* [What you need to do] Word for word, transcribe the material below from its first line to the line with "rewrite mulnA -bin_rearrange", both included.
──────── Source data
Theorem corollary3p5 (n k l : nat) :
  #|[set w : (2 * n).-tuple bool | inG w && (occ w [:: false; false; true] == k)]|
    = 'C(n, 2 * k) * 'C(2 * k, k) * 2 ^ (n - 2 * k)
  /\
  #|[set w : (2 * n).-tuple bool | [&& inG w, occ w [:: false; false; true] == k
                                      & occ w [:: false; true] == l]]|
    = 'C(n, 2 * k) * 'C(2 * k, k)
      * binz (n%:Z - (2 * k)%:Z)%R (l%:Z - k%:Z)%R
  /\
  (k <= l <= n - k ->
   #|[set w : (2 * n).-tuple bool | [&& inG w, occ w [:: false; false; true] == k
                                       & occ w [:: false; true] == l]]|
     = n`! %/ (k`! ^ 2 * (l - k)`! * (n - k - l)`!)).
Proof.
split; [|split].
- (* [2n + k] bounds [occ w 01] on words of length [2n] and exceeds [n - 2k + k]. *)
  rewrite (card_partition_nat (f := fun w : (2 * n).-tuple bool => occ w [:: false; true])
                              (B := (2 * n + k).+1)) => [|w _]; last first.
    by rewrite ltnS (leq_trans (occ_le_size _ _)) // size_tuple leq_addr.
  rewrite (eq_bigr (fun j => 'C(n, 2 * k) * 'C(2 * k, k) * ('C(n - 2 * k, j - k) * (k <= j))))
    => [|j _]; last first.
    rewrite mulnA -bin_rearrange -card_inG_occ.
    by apply: eq_card => w; rewrite !inE andbA.
  by rewrite -big_distrr sum_bin_shift //; lia.
- rewrite card_inG_occ bin_rearrange binz_subn.
  case: (leqP (2 * k) n) => [_ | lt_n2k]; first by rewrite muln1 !mulnA.
  by rewrite bin_small // !mul0n.
- case/andP => le_kl le_lnk; have le_lkn : l + k <= n by lia.
  rewrite card_inG_occ -(multinomial_fact le_kl le_lkn) mulnK //.
  by rewrite !muln_gt0 ?expn_gt0 !fact_gt0.
Qed.
(* Write the local factor at p as h(p) (p/(p-1))^(2 alpha) with
   h(p) = factor(p) (1 - 1/p)^(2 alpha).  Mertens-type growth comes from the
   Euler product: expanding each p/(p-1) as a geometric series and keeping the
   terms given by the factorisations of 1, ..., N shows that the product over
   p <= N dominates the harmonic sum, hence ln (N+1).  The correction h(p) is
   positive and at least 1 as soon as p^(2 alpha) >= 12, so the product of the
   h(p) is bounded below by the finite product of min(h(p), 1). *)

From Stdlib Require Import Reals ZArith Znumtheory Lia Lra Psatz.
Open Scope R_scope.

Lemma is_prime_nat_ge2 p : is_prime_nat p = true -> (2 <= p)%nat.
Proof.
unfold is_prime_nat; destruct (prime_dec (Z.of_nat p)) as [Hp|]; [|discriminate].
intros _; pose proof (prime_ge_2 _ Hp); lia.
Qed.

Section PrimeProducts.
Variables f g : nat -> R.

Lemma prod_primes_upto_ext N :
  (forall p, is_prime_nat p = true -> f p = g p) ->
  prod_primes_upto f N = prod_primes_upto g N.
Proof.
intros Hfg; induction N as [|N IH]; simpl; [reflexivity|].
destruct (is_prime_nat (S N)) eqn:Hp; rewrite IH; [rewrite Hfg|]; auto.
Qed.

Lemma prod_primes_upto_mul N :
  prod_primes_upto (fun p => f p * g p) N = prod_primes_upto f N * prod_primes_upto g N.
Proof.
induction N as [|N IH]; simpl; [ring|].
destruct (is_prime_nat (S N)); rewrite IH; ring.
Qed.

Lemma prod_primes_upto_pos N :
  (forall p, is_prime_nat p = true -> 0 < f p) -> 0 < prod_primes_upto f N.
Proof.
intros Hf; induction N as [|N IH]; simpl; [lra|].
destruct (is_prime_nat (S N)) eqn:Hp; [apply Rmult_lt_0_compat; auto|lra].
Qed.

Lemma prod_primes_upto_le N :
  (forall p, is_prime_nat p = true -> 0 <= f p <= g p) ->
  prod_primes_upto f N <= prod_primes_upto g N.
Proof.
intros Hfg.
assert (H : 0 <= prod_primes_upto f N <= prod_primes_upto g N).
{ induction N as [|N IH]; simpl; [lra|].
  destruct (is_prime_nat (S N)) eqn:Hp; [|lra].
  destruct (Hfg _ Hp); split; [apply Rmult_le_pos|apply Rmult_le_compat]; lra. }
apply H.
Qed.

Lemma prod_primes_upto_Rpower N e :
  (forall p, is_prime_nat p = true -> 0 < f p) ->
  prod_primes_upto (fun p => Rpower (f p) e) N = Rpower (prod_primes_upto f N) e.
Proof.
intros Hf; induction N as [|N IH]; simpl.
- unfold Rpower; rewrite ln_1, Rmult_0_r, exp_0; reflexivity.
- destruct (is_prime_nat (S N)) eqn:Hp.
  + rewrite IH, Rpower_mult_distr; auto using prod_primes_upto_pos.
  + rewrite !Rmult_1_l, IH; reflexivity.
Qed.

Section AtMostOne.
Hypothesis f_bounds : forall p, is_prime_nat p = true -> 0 < f p <= 1.

Lemma prod_primes_upto_antitone N k :
  prod_primes_upto f (k + N) <= prod_primes_upto f N.
Proof.
induction k as [|k IH]; simpl; [lra|].
pose proof (prod_primes_upto_pos (k + N) (fun p Hp => proj1 (f_bounds p Hp))).
destruct (is_prime_nat (S (k + N))) eqn:Hp; [|lra].
pose proof (f_bounds _ Hp); nra.
Qed.

Lemma prod_primes_upto_ge_stationary P0 N :
  (forall p, is_prime_nat p = true -> (P0 < p)%nat -> f p = 1) ->
  prod_primes_upto f P0 <= prod_primes_upto f N.
Proof.
intros Hf1; destruct (Nat.le_gt_cases P0 N) as [HN|HN].
- replace N with (N - P0 + P0)%nat by lia.
  induction (N - P0)%nat as [|k IH]; simpl; [lra|].
  destruct (is_prime_nat (S (k + P0))) eqn:Hp; [rewrite Hf1 by (auto; lia)|]; lra.
- replace P0 with (P0 - N + N)%nat by lia; apply prod_primes_upto_antitone.
Qed.
End AtMostOne.
End PrimeProducts.

Fixpoint harmonic (N : nat) : R :=
  match N with O => 0 | S n => harmonic n + / INR (S n) end.

Lemma ln_1_plus_le x : 0 < x -> ln (1 + x) <= x.
Proof.
intros Hx; destruct (Rle_or_lt (ln (1 + x)) x) as [|Hlt]; [assumption|].
apply exp_increasing in Hlt; rewrite exp_ln in Hlt by lra.
pose proof (exp_ineq1_le x); lra.
Qed.

Lemma ln_le_harmonic N : ln (INR N + 1) <= harmonic N.
Proof.
induction N as [|N IH]; cbn [harmonic]; [rewrite Rplus_0_l, ln_1; lra|].
rewrite S_INR; pose proof (pos_INR N).
assert (Hinv : 0 < / (INR N + 1)) by (apply Rinv_0_lt_compat; lra).
replace (INR N + 1 + 1) with ((INR N + 1) * (1 + / (INR N + 1))) by (field; lra).
rewrite ln_mult by lra.
pose proof (ln_1_plus_le _ Hinv); lra.
Qed.

Lemma Rpower_INR_eventually_ge e C : 0 < e -> 0 < C ->
  exists P0 : nat, forall p, (P0 < p)%nat -> C <= Rpower (INR p) e.
Proof.
intros He HC; set (B := Rpower C (/ e)).
assert (HB : 0 < B) by apply exp_pos.
destruct (archimed B) as [HupB _].
exists (Z.to_nat (up B)); intros p Hp.
apply lt_INR in Hp; rewrite INR_IZR_INZ, Z2Nat.id in Hp by (apply le_IZR; lra).
replace C with (Rpower B e) by (unfold B; rewrite Rpower_mult, Rinv_l, Rpower_1; lra).
apply Rle_Rpower_l; lra.
Qed.

Lemma Rpower_antitone_base_le1 y e1 e2 : 0 < y <= 1 -> e1 <= e2 ->
  Rpower y e2 <= Rpower y e1.
Proof.
intros Hy He; unfold Rpower.
assert (ln_y_le0 : ln y <= 0).
{ destruct (Rle_lt_or_eq_dec _ _ (proj2 Hy)) as [Hlt| ->]; [|rewrite ln_1; lra].
  rewrite <- ln_1; left; apply ln_increasing; lra. }
destruct (Rle_lt_or_eq_dec _ _ He) as [Hlt| ->]; [|lra].
destruct (Rle_lt_or_eq_dec _ _ ln_y_le0) as [Hneg| ->]; [|rewrite !Rmult_0_r; lra].
left; apply exp_increasing; nra.
Qed.
Definition is_scalar_ext_tensor (R : comNzRingType) (M : zmodType)
    (T : lmodType R) (t : R -> M -> T) : Prop :=
  [/\ biadditive t,
      (forall (s r : R) (x : M), t (s * r) x = s *: t r x),
      (forall (V : zmodType) (b : R -> M -> V), biadditive b ->
         exists h : {additive T -> V}, forall r x, h (t r x) = b r x) &
      (forall (V : zmodType) (h1 h2 : {additive T -> V}),
         (forall r x, h1 (t r x) = h2 (t r x)) -> h1 =1 h2)].

From HB Require Import structures.
From mathcomp Require Import all_boot all_order all_algebra all_fingroup.
From mathcomp Require Import boolp ring.
Set Implicit Arguments.
Unset Strict Implicit.
Unset Printing Implicit Defensive.
Import GRing.Theory Num.Theory.
Local Open Scope ring_scope.
Local Open Scope quotient_scope.

(* Since R is a subring of Q, every r in R is m/d with 1/d in R.  Hence every
   element of I(R,G)^n is (1/d) y with y in I(Z,G)^n, and every element of
   R (x) Q_n(Z,G) is a pure tensor (1/d) (x) [y].  The map f comes from the
   universal property of the tensor product, and its inverse sends
   [(1/d) y] to (1/d) (x) [y].  This is well defined: if (1/d) y lies in
   I(R,G)^(n+1), then clearing denominators (Z embeds in R) gives d' y in
   I(Z,G)^(n+1) for some d' > 0, so (1/d) (x) [y] = (1/(d d')) (x) [d' y] = 0. *)

Section RatSubring.
Variables (R : comNzRingType) (iota : {rmorphism R -> rat}).
Hypothesis iota_inj : injective iota.

Lemma rmorph_rat_intr_inj : injective (fun z : int => z%:~R : R).
Proof. by move=> m n /(congr1 iota); rewrite !rmorph_int => /intr_inj. Qed.

Lemma rat_subring_fraction r : exists (w : R) (d : nat) (m : int),
  w *+ d = 1 /\ r = w *~ m.
Proof.
(* If [iota r = N/D] and [u N + v D = 1], then [iota (r u + v) = 1/D]. *)
set x := iota r; have [u [v]] := Bezoutz (numq x) (denq x).
rewrite /gcdz (eqP (coprime_num_den x)) => /(congr1 (intr : int -> rat)).
rewrite intrD !intrM numqE rmorph1 => Bezout.
have denE : (`|denq x|%N%:R : rat) = (denq x)%:~R.
  by rewrite natr_absz gtr0_norm ?denq_gt0.
exists (r *~ u + v%:~R), `|denq x|%N, (numq x); split; apply: iota_inj.
  rewrite rmorph1 rmorphMn rmorphD rmorphMz rmorph_int -mulr_natr denE.
  rewrite -[RHS]Bezout -/x -mulrzr.
  clear Bezout denE; move: x (u%:~R) (v%:~R) ((denq x)%:~R) => X U V D.
  by ring.
rewrite rmorphMz rmorphD !rmorphMz rmorph1 -/x -[_ *~ u]mulrzr -mulrzr numqE.
rewrite -[LHS]mulr1 -[in LHS]Bezout.
clear Bezout denE; move: x (u%:~R) (v%:~R) ((denq x)%:~R) => X U V D.
by ring.
Qed.

End RatSubring.

Definition additive_of (U V : zmodType) (f : U -> V) (f_add : zmod_morphism f) :
  {additive U -> V} :=
  HB.pack_for {additive U -> V} f (GRing.isZmodMorphism.Build U V f f_add).
Lemma mul_expR_le1E (eta q c x : R) : 0 < eta -> 0 < q ->
  (q * expR (eta * (c - x)) <= 1) = (c + ln q / eta <= x).
Proof.
move=> eta0 q0.
have -> : (q * expR (eta * (c - x)) <= 1) = (eta * (c - x) <= - ln q).
  by rewrite -(ler_pdivlMl _ _ q0) mulr1 -[q^-1]lnK ?posrE ?invr_gt0 // lnV ?posrE // ler_expR.
rewrite -ler_pdivlMl // -lerBrDl; apply/idP/idP; nra.
Qed.

Lemma ln_expR_mix {eta t u x x' : R} :
  expR (- (eta * x')) = t * expR (- (eta * x)) + (1 - t) * expR (- (eta * u)) ->
  ln (1 + t * (expR (eta * (u - x)) - 1)) = eta * (u - x').
Proof.
move=> ex'; rewrite -[RHS]expRK; congr ln.
have eux : expR (eta * (u - x)) = expR (eta * u) * expR (- (eta * x)).
  by rewrite -expRD; congr expR; ring.
have eux' : expR (eta * (u - x')) = expR (eta * u) * expR (- (eta * x')).
  by rewrite -expRD; congr expR; ring.
have e1 : expR (eta * u) * expR (- (eta * u)) = 1 by rewrite -expRD subrr expR0.
rewrite eux eux' ex' [in RHS]mulrDr (mulrCA (expR (eta * u)) (1 - t)) e1; ring.
Qed.

End RealBounds.

Lemma within01_lt_interior {R : realType} {f : R -> \bar R} {g : R} {th : \bar R} :
  {within `[0, 1], continuous f}%classic -> 0 <= g <= 1 -> (f g < th)%E ->
  exists2 g1, 0 < g1 < 1 & (f g1 < th)%E.
Proof.
move=> cf g01 fgth.
have gin : g \in `[0, 1]%classic by apply: mem_set; rewrite /= in_itv.
move: cf; rewrite continuous_subspace_in => /(_ g gin) cf.
have : nbhs (f g) [set y | (y < th)%E]%classic.
  by apply: open_nbhs_nbhs; split; [exact: open_ereal_lt_ereal|].
move=> /cf H.
have {H} : nbhs (g : subspace `[0, 1]%classic) (fun x => (f x < th)%E) by exact: H.
move/nbhs_subspace_ex => /(_ (set_mem gin)) [V /nbhs_ballP [e /= e0 HV] HUV].
have He : forall y : R, `|g - y| < e -> `[0, 1]%classic y -> (f y < th)%E.
  move=> y gy Ay.
  have : (V `&` `[0, 1]%classic)%classic y by split => //; apply: HV; exact: gy.
  by rewrite -HUV => -[].
pose d := Num.min e 1.
have d0 : 0 < d by rewrite lt_min e0 ltr01.
have de : d <= e by rewrite ge_min lexx.
have d1 : d <= 1 by rewrite ge_min lexx orbT.
case/andP: g01 => g0 g1.
(* moving g towards 1/2 by a fraction d lands in (0, 1) and stays within e of g *)
have g'01 : 0 < (1 - d) * g + d / 2 < 1 by apply/andP; split; nra.
exists ((1 - d) * g + d / 2) => //; apply: He.
- rewrite /ball /= -normrN.
  have -> : - (g - ((1 - d) * g + d / 2)) = d * (1/2 - g) by ring.
  rewrite normrM ger0_norm; last by lra.
  have : `|1/2 - g| <= 1/2 by rewrite ler_norml; apply/andP; split; lra.
  nra.
- by case/andP: g'01 => *; rewrite /= in_itv /=; apply/andP; split; apply: ltW.
Qed.

Section ProperMixableLoss.
Context {R : realType}.
Variable l : R -> bool -> \bar R.
Hypotheses (hl : is_loss l) (pr : proper_loss l).

Lemma proper_loss_fin p w : 0 <= p <= 1 -> (if w then 0 < p else p < 1) ->
  l p w \is a fin_num.
Proof.
move: hl => [l0 [_ [[g [g01 [gf gt]]] _]]] p01 hw.
have [p0 q0] : (0 <= p%:E)%E /\ (0 <= (1 - p)%:E)%E.
  by case/andP: p01 => ? ?; rewrite !lee_fin subr_ge0.
have : (p%:E * l p true + (1 - p)%:E * l p false < +oo)%E.
  apply: le_lt_trans (pr p g p01 g01) _.
  by apply: lte_add_pinfty; apply: lte_mul_pinfty.
have neNy x : (0 <= x)%E -> x != -oo%E by case: x.
rewrite ge0_fin_numE ?l0 // ltey; case: w hw => hw; apply: contraTneq => ->.
- by rewrite gt0_muley ?lte_fin // addye ?ltxx // neNy // mule_ge0 ?l0.
- rewrite (gt0_muley (x := (1 - p)%:E)) ?lte_fin ?subr_gt0 //.
  by rewrite addey ?ltxx // neNy // mule_ge0 ?l0.
Qed.

(* Where a coordinate of the loss curve is infinite, the bound is transferred
   from a nearby interior point, whose losses are finite. *)
Lemma superpred_lb_loss (b : R) (w : bool) :
  (forall x y, superpred l (x, y) -> b <= (if w then y else x)) ->
  forall g, 0 <= g <= 1 -> (b%:E <= l g w)%E.
Proof.
move=> hb g g01; rewrite leNgt; apply/negP => lt_gb.
have [g1 /andP[g10 g11] lt_g1b] := within01_lt_interior (hl.2.1 w) g01 lt_gb.
have g101 : 0 <= g1 <= 1 by apply/andP; split; apply: ltW.
have ff := @proper_loss_fin g1 false g101 g11.
have ft := @proper_loss_fin g1 true g101 g10.
have hs : superpred l (fine (l g1 false), fine (l g1 true)).
  split; first by rewrite -lee_fin fineK //; exact: hl.1.
  split; first by rewrite -lee_fin fineK //; exact: hl.1.
  by exists g1; split => //=; rewrite !fineK.
move: (hb _ _ hs) lt_g1b; case: w {hb lt_gb} => /=.
  by rewrite -(fineK ft) lte_fin => ? ?; lra.
by rewrite -(fineK ff) lte_fin => ? ?; lra.
Qed.

Variable eta : R.
Hypotheses (eta0 : 0 < eta) (mix : mixable_loss eta l).

(* Mix, in exponential coordinates, the superprediction (x, y) into (u, v) with
   weight t; properness at p against the resulting superprediction gives the bound. *)
Lemma proper_mixable_ln_le0 {p u v x y t : R} :
  0 <= p <= 1 -> l p false = u%:E -> l p true = v%:E -> superpred l (x, y) ->
  0 <= t <= 1 ->
  p * ln (1 + t * (expR (eta * (v - y)) - 1)) +
  (1 - p) * ln (1 + t * (expR (eta * (u - x)) - 1)) <= 0.
Proof.
move=> p01 hu hv sxy t01.
have u0 : 0 <= u by rewrite -lee_fin -hu; exact: hl.1.
have v0 : 0 <= v by rewrite -lee_fin -hv; exact: hl.1.
have suv : superpred l (u, v).
  by split => //; split => //; exists p; rewrite hu hv.
have [[x' y'] [[/= _ [_ [g' [g'01 [hgf hgt]]]]] [ex ey]]] :=
  mix _ _ (ex_intro _ (x, y) (conj sxy erefl)) (ex_intro _ (u, v) (conj suv erefl)) t t01.
rewrite (ln_expR_mix (esym ex)) (ln_expR_mix (esym ey)).
have hpr : p * v + (1 - p) * u <= p * y' + (1 - p) * x'.
  have := pr p g' p01 g'01; rewrite hu hv => h.
  rewrite -lee_fin !EFinD !EFinM; apply: (le_trans h).
  by case/andP: p01 => p0 p1; apply: leeD; apply: lee_wpmul2l; rewrite // lee_fin subr_ge0.
have := ler_wpM2l (ltW eta0) hpr; nra.
Qed.

Lemma proper_mixable_exp_le1 {p u v x y : R} :
  0 <= p <= 1 -> l p false = u%:E -> l p true = v%:E -> superpred l (x, y) ->
  (1 - p) * expR (eta * (u - x)) + p * expR (eta * (v - y)) <= 1.
Proof.
move=> p01 hu hv sxy; rewrite leNgt; apply/negP => gt1.
have a1 : -1 < expR (eta * (u - x)) - 1 by have := expR_gt0 (eta * (u - x)); lra.
have b1 : -1 < expR (eta * (v - y)) - 1 by have := expR_gt0 (eta * (v - y)); lra.
have D0 : 0 < (1 - p) * (expR (eta * (u - x)) - 1) + p * (expR (eta * (v - y)) - 1).
  by lra.
have [t t01] := exists_ln_mix_gt0 p01 a1 b1 D0.
by rewrite ltNge proper_mixable_ln_le0.
Qed.
(* Assume (FS), let $E$ be a small subset of $\mathfrak C$ and $p\in S(E)$. The following are equivalent: (1) $p$ is $\operatorname{acl}$-stationary, i.e. $p$ has a unique extension to a complete type over $\operatorname{acl}(E)$; (2) $E\subseteq\operatorname{dcl}(Ea)$ is primary for some $a\models p$; (3) $E\subseteq\operatorname{dcl}(Ea)$ is primary for every $a\models p$.
   Context: $L$ is a first-order language, $T$ a complete $L$-theory, $\mathfrak C$ a monster model of $T$; $\operatorname{acl}$, $\operatorname{dcl}$ are computed in $\mathfrak C$. (FS): $T$ codes finite sets, i.e. every finite set of real tuples has a code which is a real tuple. For small $F\subseteq K$, the extension $F\subseteq K$ is primary if $\operatorname{dcl}(K)\cap\operatorname{acl}(F)=\operatorname{dcl}(F)$. *)

From mathcomp Require Import ssreflect ssrfun ssrbool eqtype ssrnat fintype.
From Stdlib Require Import List.

Set Implicit Arguments.
Unset Strict Implicit.
Unset Printing Implicit Defensive.

Record language : Type := Language {
  Fsym : Type;                 (* function symbols (constants = arity 0) *)
  Rsym : Type;
  farity : Fsym -> nat;
  rarity : Rsym -> nat }.

(* Terms with variables indexed by nat and parameters (constants naming
   elements) taken from a type P. *)
Inductive term (L : language) (P : Type) : Type :=
| tvar : nat -> term L P
| tpar : P -> term L P
| tfun : forall f : Fsym L, ('I_(farity f) -> term L P) -> term L P.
────────────────
* [Response area]
Theorem corollary3p5 (n k l : nat) :
  #|[set w : (2 * n).-tuple bool | inG w && (occ w [:: false; false; true] == k)]|
    = 'C(n, 2 * k) * 'C(2 * k, k) * 2 ^ (n - 2 * k)
  /\
  #|[set w : (2 * n).-tuple bool | [&& inG w, occ w [:: false; false; true] == k
                                      & occ w [:: false; true] == l]]|
    = 'C(n, 2 * k) * 'C(2 * k, k)
      * binz (n%:Z - (2 * k)%:Z)%R (l%:Z - k%:Z)%R
  /\
  (k <= l <= n - k ->
   #|[set w : (2 * n).-tuple bool | [&& inG w, occ w [:: false; false; true] == k
                                       & occ w [:: false; true] == l]]|
     = n`! %/ (k`! ^ 2 * (l - k)`! * (n - k - l)`!)).
Proof.
split; [|split].
- (* [2n + k] bounds [occ w 01] on words of length [2n] and exceeds [n - 2k + k]. *)
  rewrite (card_partition_nat (f := fun w : (2 * n).-tuple bool => occ w [:: false; true])
                              (B := (2 * n + k).+1)) => [|w _]; last first.
    by rewrite ltnS (leq_trans (occ_le_size _ _)) // size_tuple leq_addr.
  rewrite (eq_bigr (fun j => 'C(n, 2 * k) * 'C(2 * k, k) * ('C(n - 2 * k, j - k) * (k <= j))))
    => [|j _]; last first.
    rewrite mulnA -bin_rearrange -card_inG_occ.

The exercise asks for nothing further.